Nefiracetam is a cyclic derivative of gamma-aminobutyric acid (GABA). It is thought to act by normalising dysfunctional acetylcholine, GABA and possibly monoamine neurotransmitter systems, but it may also facilitate N/L-type calcium channel opening. Nefiracetam has received attention as a treatment for seizures, depression, and dementia. Nefiracetam was found to be extremely testicular toxic in both rats and dogs; it was found to significantly decrease the levels of testicular testosterone leading to atrophy and malformation of sperm.

Seletracetam, a pyrrolidone derivative is a new drug in epilepsy development. Seletracetam has high binding affinity to the synaptic vesicle 2A (SV2A) protein. In addition, was discovered, that the drug bound to N-type calcium channels and inhibited high-voltage-activated Ca2+ currents and intracellular Ca2+ increase. Seletracetam participated in Phase III clinical trials; however, all these studies for the treatment of epilepsy were terminated. Moreover, it is unknown whether planned phase IIb/III trials will begin.

Ebalzotan is a selective serotonin (5-HT1A) receptor agonist, was chosen by Astra in the early 1990s as a candidate drug for the treatment of depression and anxiety. It has a modest affinity for the 5-HT(7). In vivo, ebalzotan induced all the typical effects of a 5-HT(1A) receptor agonist in rats: it decreased 5-HT synthesis (5-HTP accumulation) and 5-HT turnover (measured as the ratio of 5-hydroxyindoleacetic acid/5-HT), increased corticosterone secretion, induced the 5-HT(1A) syndrome (flat body posture and forepaw treading), inhibited the cage-leaving response, and caused hypothermia. Ebalzotan had been in phase I clinical trial for the treatment of major depressive disorder. However, this study was discontinued.

Dimesna is a prodrug of mesna (dimer of mesna). Dimesna is reduced to mesna in the kidneys. Dimesna does not prevent cellular damage by metabolites of ifosfamide and cyclophosphamide in the renal tubular cell line LLC-PK1. Dimesna is a mucolytic agent used to alleviate toxic side effects of antitumor drugs. The organic acid transporter OAT4 on the luminal side of the proximal renal tubule facilitates the reabsorption of dimesna, and therefore its reduction to mesna, whereas the multidrug and toxin extrusion protein MATE1, the multidrug resistance protein MRP2, and P glycoprotein facilitate the efflux of mesna and/or dimesna back into the lumen; dimesna may also be excreted unchanged by MRP4. It has therefore been suggested that polymorphism of these renal transport proteins or transporter-mediated drug-drug interactions may reduce the efficacy of mesna and dimesna.

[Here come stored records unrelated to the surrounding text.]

Lemma prodr_if2 (R : comPzRingType) n (v w : 'I_n) (a b : 'I_n -> R) :
  v != w ->
  \prod_u (if u == v then a u else if u == w then b u else 1) = a v * b w.
Proof.
move=> vw; have wv : w != v by rewrite eq_sym.
rewrite (bigD1 v) //= eqxx (bigD1 w) /=; last by rewrite wv.
rewrite (negbTE wv) eqxx.
by rewrite big1 ?mulr1 // => u /andP[/negbTE -> /negbTE ->].
Qed.

Lemma cvg0_le_div (R : realType) (x : nat -> R) (K : R) :
  (forall n, (0 < n)%N -> 0 <= x n <= K / n%:R) -> (x @ \oo --> 0)%classic.
Proof.
move=> xK; apply/cvgrPdist_le => e e0; near=> n.
have n0 : (0 < n)%N by near: n; exact: nbhs_infty_ge 1%N.
have /andP[x0 xle] := xK n n0.
rewrite sub0r normrN ger0_norm //; apply: le_trans xle _.
rewrite ler_pdivrMr ?ltr0n // mulrC -ler_pdivrMr //.
by near: n; exact: nbhs_infty_ger.
Unshelve. all: by end_near. Qed.

Section IidProduct.
Variables (R : realType) (T : finType) (p : T -> R).
Hypotheses (p_ge0 : forall x, 0 <= p x) (p_sum1 : \sum_x p x = 1).

Definition wmean (g : T -> R) : R := \sum_x p x * g x.

Definition wvar (g : T -> R) : R := wmean (fun x => (g x - wmean g) ^+ 2).

Definition iid_weight {n} (P : {ffun 'I_n -> T}) : R := \prod_v p (P v).

Lemma wmeanB f g : wmean (fun x => f x - g x) = wmean f - wmean g.
Proof. by rewrite -sumrB; apply: eq_bigr => x _; rewrite mulrBr. Qed.

Lemma wmean_cst c : wmean (fun _ => c) = c.
Proof. by rewrite /wmean -mulr_suml p_sum1 mul1r. Qed.

Lemma iid_weight_ge0 n (P : {ffun 'I_n -> T}) : 0 <= iid_weight P.
Proof. exact: prodr_ge0. Qed.

Lemma sum_iid_weight_prod n (F : 'I_n -> T -> R) :
  \sum_(P : {ffun 'I_n -> T}) iid_weight P * \prod_v F v (P v)
  = \prod_v wmean (F v).
Proof.
rewrite /wmean bigA_distr_bigA /=; apply: eq_bigr => P _.
by rewrite -big_split.
Qed.

Lemma sum_iid_weight n : \sum_(P : {ffun 'I_n -> T}) iid_weight P = 1.
Proof.
transitivity (\prod_(v : 'I_n) wmean (fun _ => 1)).
  by rewrite -sum_iid_weight_prod; apply: eq_bigr => P _; rewrite big1 ?mulr1.
by rewrite big1 // => v _; rewrite wmean_cst.
Qed.
Lemma scrambled_set_expand x y : scrambled_set x -> scrambled_set y -> x <> y ->
  forall L, exists N, forall n, (N <= n)%nat ->
    L < d (Nat.iter (expand_seq n) f x) (Nat.iter (expand_seq n) f y).
Proof.
  intros [nx Hx] [ny Hy] Hxy L.
  pose proof (dist_gt0 d Hm x y Hxy) as Hdxy.
  destruct (inv_INR_succ_lt_eventually (d x y / 2)) as [N1 HN1]; [lra |].
  destruct (INR_archimed 1 L) as [N2 HN2]; [lra |].
  exists (Nat.max (Nat.max N1 N2) (Nat.max nx ny)). intros n Hn.
  destruct (Hx (S n) ltac:(lia)) as [k [Hk Hxk]].
  destruct (Hy (S n) ltac:(lia)) as [k' [Hk' Hyk']].
  assert (INR N2 <= INR n) by (apply le_INR; lia).
  destruct (Nat.eq_dec k k') as [<- | Hkk'].
  - exfalso. pose proof (stage_radius_lt n k Hk). pose proof (HN1 n ltac:(lia)).
    pose proof (dist_lt_via d Hm x y _ _ _ Hxk Hyk'). lra.
  - pose proof (stage_expand n k k' x y Hk Hk' Hkk' Hxk Hyk'). lra.
Qed.

Lemma scrambled_set_LY : uniformly_LY_scrambled d f scrambled_set.
Proof.
  split; [exact scrambled_set_two_points |].
  exists contract_seq, expand_seq. intros x y Sx Sy Hxy.
  split; [apply scrambled_set_contract | apply scrambled_set_expand]; assumption.
Qed.

End CantorScheme.

Lemma separable_dense_balls {T : Type} (d : T -> T -> R) :
  is_metric d -> separable_metric d -> inhabited T ->
  exists target : nat -> ball T, (forall n, 0 < radius (target n)) /\
    forall x eps, 0 < eps -> exists n, forall y, in_ball d (target n) y -> d x y < eps.
Proof.
  intros Hm [D [[e He] HD]] [x0].
  exists (fun n => let (a, b) := Cantor.of_nat n in
            Ball (match e a with Some s => s | None => x0 end) (/ (INR b + 1))).
  split.
  - intros n. destruct (Cantor.of_nat n). apply inv_INR_succ_pos.
  - intros x eps Heps. destruct (HD x (eps / 2)) as [s [Ds Hs]]; [lra |].
    destruct (He s Ds) as [a Ha].
    destruct (inv_INR_succ_lt_eventually (eps / 2)) as [b Hb]; [lra |].
    exists (Cantor.to_nat (a, b)). rewrite Cantor.cancel_of_to, Ha.
    intros y Hy. unfold in_ball in Hy; simpl in Hy.
    pose proof (Hb b (le_n b)). pose proof (dist_triangle d Hm x s y). lra.
Qed.

Theorem proposition2p7 (T : Type) (d : T -> T -> R) (f : T -> T) :
  is_metric d -> complete_metric d -> separable_metric d ->
  metric_continuous d f ->
  infinite_diameter d -> weakly_mixing d f ->
  densely_uniformly_LY_chaotic d f.
Proof.
  intros Hm Hc Hsep Hf Hd Hw.
  destruct (Hd 0) as [x0 _].
  destruct (separable_dense_balls d Hm Hsep (inhabits x0)) as [target [Hpos Hdense]].
  exists (scrambled_set d f target). split; [| split].
  - apply scrambled_set_dense; assumption.
  - apply scrambled_set_uncountable; assumption.
  - apply scrambled_set_LY; assumption.
Qed.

Oxfenicine is a CPT-1b-specific inhibitor. It must be transaminated to its active form, 4-hydroxyphenyl-glyoxylate, which is competitive with carnitine, preventing the formation of acylcarnitine. Because CPT-1b shows the highest sensitivity to 4-hydroxyphenyl-glyoxylate, inhibition of fatty acid oxidation by oxfenicine takes place selectively in those tissues that express this CPT isoform. It may be effective for treating noninsulin-dependent diabetes mellitus which is characterized by elevated fatty acid levels and obesity. In 1980 it was also tested in preclinical models of angina pectoris and ischemia.

Halofenate (MK-185) was invented as a hypolipidemic and hypouricemic agent. It was shown that halofenate lower serum triglycerides and uric acid in patients with a variety of hyperlipidemias. Treatment of dyslipidemic type 2 diabetic patients also showed triglyceride lowering and, surprisingly, significant reductions in plasma glucose and insulin. Halofenate is a selective PPAR-γ modulator (SPPARγM). SPPARγMs are believed to bind in distinct manners to the ligand-binding pocket of PPAR-γ, leading to altered receptor conformational stability and resulting in distinct patterns of gene expression. Thus, was suggested that halofenate hold promising therapeutic potential in the treatment of type 2 diabetes, without the side effects. However, information about the current use of this compound is not available.

S-Allylcysteine (SAC), the most abundant organosulfur compound in aged garlic extract, has multifunctional activity via different mechanisms and neuroprotective effects that are exerted probably via its antioxidant or free radical scavenger action. Anticancer effects of SAC were reported in prostate cancer, breast cancer, oral cavity cancer, non-small cell lung cancer, neuroblastoma, and hepatocellular carcinoma through the restoration of E-cadherin, the reduction of Slug and matrix metalloproteinase (MMP) protein expression, and stimulating apoptotic pathways. In addition, recently was revealed, that SAC might have imperative implications for the deterrence and early treatment of type 2 diabetes by reducing the influx of glucose in the polyol pathway, thereby elevating the GSH level and reducing the activities of aldose reductase (AR) and sorbitol dehydrogenase (SDH).